Ouvi sons de pezinhos e sorri antecipadamente. A porta foi


aberta de forma brusca e as meninas invadiram meu
escritório, rindo e subindo em cima de mim no sofá.
Esperei mais um pouco e meu menininho entrou,
engatinhando com o queixo todo molhado. Ele ria,
provavelmente achando incrível a bagunça das irmãs. Ficou
em pé apoiado no meu joelho e Aisha deu espaço para que
eu pudesse pegá-lo. Ter meus filhos em meu colo me fazia
sentir o homem mais incrível do mundo.

Às vezes, eles brigavam por espaço, o pequeno era ativo,


mas não tanto quanto suas irmãs. Talvez por ser um bebê.
Rawan e eu descobrimos que a combinação dos nossos
genes era letal. Três crianças ligadas em uma bateria de
caminhão e que deixavam qualquer pessoa maluca era
prova o suficiente de que só produziremos pestinhas em
massa.

Cada um tinha uma babá, mesmo assim, eles davam


trabalho para todos os adultos ao redor.
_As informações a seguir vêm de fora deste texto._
Lemma sum_Tset_split_flow :
  \sum_(C in Tset p b | C :&: D != set0) split_flow p b C D
  = \sum_(a | p a) \sum_(k in D | k \in agg b a) x k a.
Proof.
rewrite sum_drop_cond => [|C _]; last by move/negbNE/eqP/split_flow_disjoint.
rewrite [RHS](bigID (fun a => agg b a != set0)) /= [X in _ = _ + X]big1 ?addr0; last first.
  by move=> a /andP[_ /negbNE /eqP ->]; apply: big_pred0 => k; rewrite in_set0 andbF.
rewrite (partition_big (agg b) [in Tset p b]) => [|a /andP[pa ne]]; last first.
  by rewrite inE ne andbT; apply/existsP; exists a; rewrite pa eqxx.
apply: eq_bigr => C; rewrite inE => /andP[_ Cne]; apply: eq_big => [a|a].
- by case: eqP => [->|]; rewrite ?Cne ?andbF ?andbT.
- by move=> /andP[_ /eqP <-]; apply: eq_bigl => k; rewrite inE andbC.
Qed.

Lemma block_balance :
  \sum_(a | p a && single_dis b a D) block_flow a D
  + \sum_(C in Tset p b | C :&: D != set0) split_flow p b C D
  = \sum_(k in D) \sum_(a | p a) x k a.
Proof.
rewrite sum_single_dis_block_flow sum_Tset_split_flow -big_split [RHS]exchange_big /=.
apply: eq_bigr => a _; rewrite [RHS](bigID [in agg b a]) addrC /=; congr (_ + _).
apply: eq_bigl => k; rewrite in_setD andbC; case kD: (k \in D); rewrite ?andbF //=.
have [subKB _] := disjoint_cover_Mset b i.
by rewrite (subsetP (subKB D DM) k kD) !andbT.
Qed.

End NodeBalance.

Lemma pae_extra_block_flow :
  pae_extra src dst orig dest d KB agg block_flow z_in z_out.
Proof.
move=> b i _; split; [|split; [|split; [|split]]].
- by move=> *; exact: split_flow_ge0.
- by move=> *; exact: split_flow_ge0.
- move=> D DM.
  have out_incident a : src a == i -> (dst a == i) || (src a == i) by move->; rewrite orbT.
  have in_incident a : dst a == i -> (dst a == i) || (src a == i) by move->.
  rewrite -(eq_bigr _ (fun k _ => flow_conservation k i)) sumrB.
  rewrite -(block_balance out_incident DM) -(block_balance in_incident DM).
  by rewrite opprD !addrA (addrAC _ (- _)).
- move=> C CT; rewrite /z_in sum_drop_cond => [|D _]; last by move/negbNE/eqP/split_flow_disjoint.
  by rewrite sum_Mset_split_flow ?subrr //; exact: Tset_sub CT.
- move=> C CT; rewrite /z_out [X in _ - X]sum_drop_cond => [|D _]; last by move/negbNE/eqP/split_flow_disjoint.
  by rewrite sum_Mset_split_flow ?subrr //; exact: Tset_sub CT.
Qed.

End Aggregation.

Theorem corollary1 (R : realType) (N A K B : finType)
    (src dst : A -> N) (orig dest : K -> N) (d : K -> R) (u c f : A -> R)
    (KB : B -> {set K}) (agg : B -> A -> {set K}) :
  injective (fun a => (src a, dst a)) ->
  (forall k, 0 <= d k) -> (forall a, 0 <= u a) ->
  (forall a, 0 <= c a) -> (forall a, 0 <= f a) ->
  is_partial_aggregation orig KB agg ->
  (exists x y, mcnd_feasible src dst orig dest d u x y) ->
  pa_value src dst orig dest d u c f KB agg
    <= mcnd_value src dst orig dest d u c f /\
  pai_value src dst orig dest d u c f KB agg
    <= mcnd_value src dst orig dest d u c f /\
  pae_value src dst orig dest d u c f KB agg
    <= mcnd_value src dst orig dest d u c f.
Proof.
move=> _ _ _ c_ge0 f_ge0 [_ [_ [agg_sub KB_uniq]]] [x0 [y0 feas0]].
have mcnd_nonempty : exists v, exists x y,
    mcnd_feasible src dst orig dest d u x y /\ v = mcnd_obj c f x y.
  by exists (mcnd_obj c f x0 y0), x0, y0.
split; [|split]; apply: le_inf_subset => //.
- by exists 0 => _ [x [y [feas ->]]]; exact: pa_obj_ge0 c_ge0 f_ge0 feas.
- move=> _ [x [y [feas ->]]]; exists (block_flow x), (design R y).
  rewrite pa_obj_block_flow //; split=> //.
  exact: (pa_feasible_block_flow agg_sub KB_uniq feas).
- by exists 0 => _ [x [y [feas [_ ->]]]]; exact: pa_obj_ge0 c_ge0 f_ge0 feas.
- move=> _ [x [y [feas ->]]]; exists (block_flow x), (design R y).
  rewrite pa_obj_block_flow //; split; last split=> //.
    exact: (pa_feasible_block_flow agg_sub KB_uniq feas).
  exact: (pai_extra_block_flow agg_sub feas).
- by exists 0 => _ [x [y [zi [zo [feas [_ ->]]]]]]; exact: pa_obj_ge0 c_ge0 f_ge0 feas.
- move=> _ [x [y [feas ->]]]; exists (block_flow x), (design R y).
  exists (z_in dst agg x), (z_out src agg x).
  rewrite pa_obj_block_flow //; split; last split=> //.
    exact: (pa_feasible_block_flow agg_sub KB_uniq feas).
  exact: (pae_extra_block_flow agg_sub feas).
Qed.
O bebê do meu
irmão era um anjo e logo seria corrompido pelas minhas
crias agitadas.

As babás vieram buscá-los e eu voltei a trabalhar, me


concentrando em um novo projeto de lei que decretaria em
algumas semanas. Rawan que o idealizou em sua maior
parte e se ocupou com outro projeto, porque minha mulher
parecia

um polvo, fazendo milhares de coisas ao mesmo tempo e


incrivelmente dando conta de todas elas.

Um dia queria ser como ela.


— Oi, bonitão. — Ela entrou no meu escritório no final do
dia, segurando seu computador. — Sabe o que descobri
hoje? Que o meu pai, aquele senhor contido e frio que me
criou, deu às minhas filhas uma banda. Meu pai comprou
bateria, teclado e uma guitarra. Temos duas estrelas do
rock e um bebê com o fôlego no Nine Inch Nails. Quando eu
era criança, ensinar qualquer música que não fosse da
nossa cultura, seria um tremendo absurdo e ele está
ensinando outros ritmos aos nossos filhos!

— Seu pai se tornou avô. — Sorri para sua indignação. O


pai de Rawan era o avô mais bobo do mundo inteiro e
existia para estragar as crianças completamente.

— Falando nisso, Sarai me mandou foto das meninas na


escola. Tem certeza que está bem que elas estudem em
Londres? É tão longe de casa! — Se aproximou e sentou no
meu colo.

— Elas escolheram. Sei que vai sentir falta das minhas


irmãs e principalmente da minha madrasta, mas podemos
ir vê-las sempre que estivermos na cidade e além do mais,
vão voltar para casa nas férias. Quero que minhas irmãs
tenham a educação que ainda não consegui vencer a
resistência aqui. — Dei-lhe um beijo. Com a aceitação das
universidades e cursos, as

mulheres construíram carreiras que estavam a todo vapor.


No entanto, ainda estava difícil vencer algumas mudanças
no ensino dos mais novos. Eu era totalmente a favor de
uma educação tradicional para nossas crianças, outras
matérias e conhecimentos além da nossa bolha.

— Vou sentir saudades. — Fez um pequeno beicinho.

Rawan se preocupava com o ensino dos nossos filhos e ao


mesmo tempo, não queria mandá-los para longe até a
universidade. Felizmente, ainda não precisávamos nos
preocupar com aquilo.

Ela me fez encerrar o expediente um pouco mais cedo e ao


chegarmos perto das crianças, ouvimos o som da música
descoordenada que meu sogro ensinava. Era de arrepiar.

— Tem adultos responsáveis com eles. Quer fugir? —


ofereci. Eu amava meus filhos, mas aquele barulho era
muito até pra mim.

— Sim, por favor. — Agarrou minha mão e fomos para um


lado vazio do palácio.

Levou muito tempo para aceitarmos entrar ali, mesmo


depois da reforma.

Era a ala do Jamyr. Mohammed e eu protelamos quase um


ano para recolher suas coisas, mexer em seus pertences
não só no palácio, mas em suas residências pelo mundo.
Jamyr tinha coleções de itens caros que ficamos sem saber
o que fazer por um tempo, até que Natalie achou melhor
vender, doar o dinheiro e tirar

quaisquer resquícios que ainda nos faria sofrer.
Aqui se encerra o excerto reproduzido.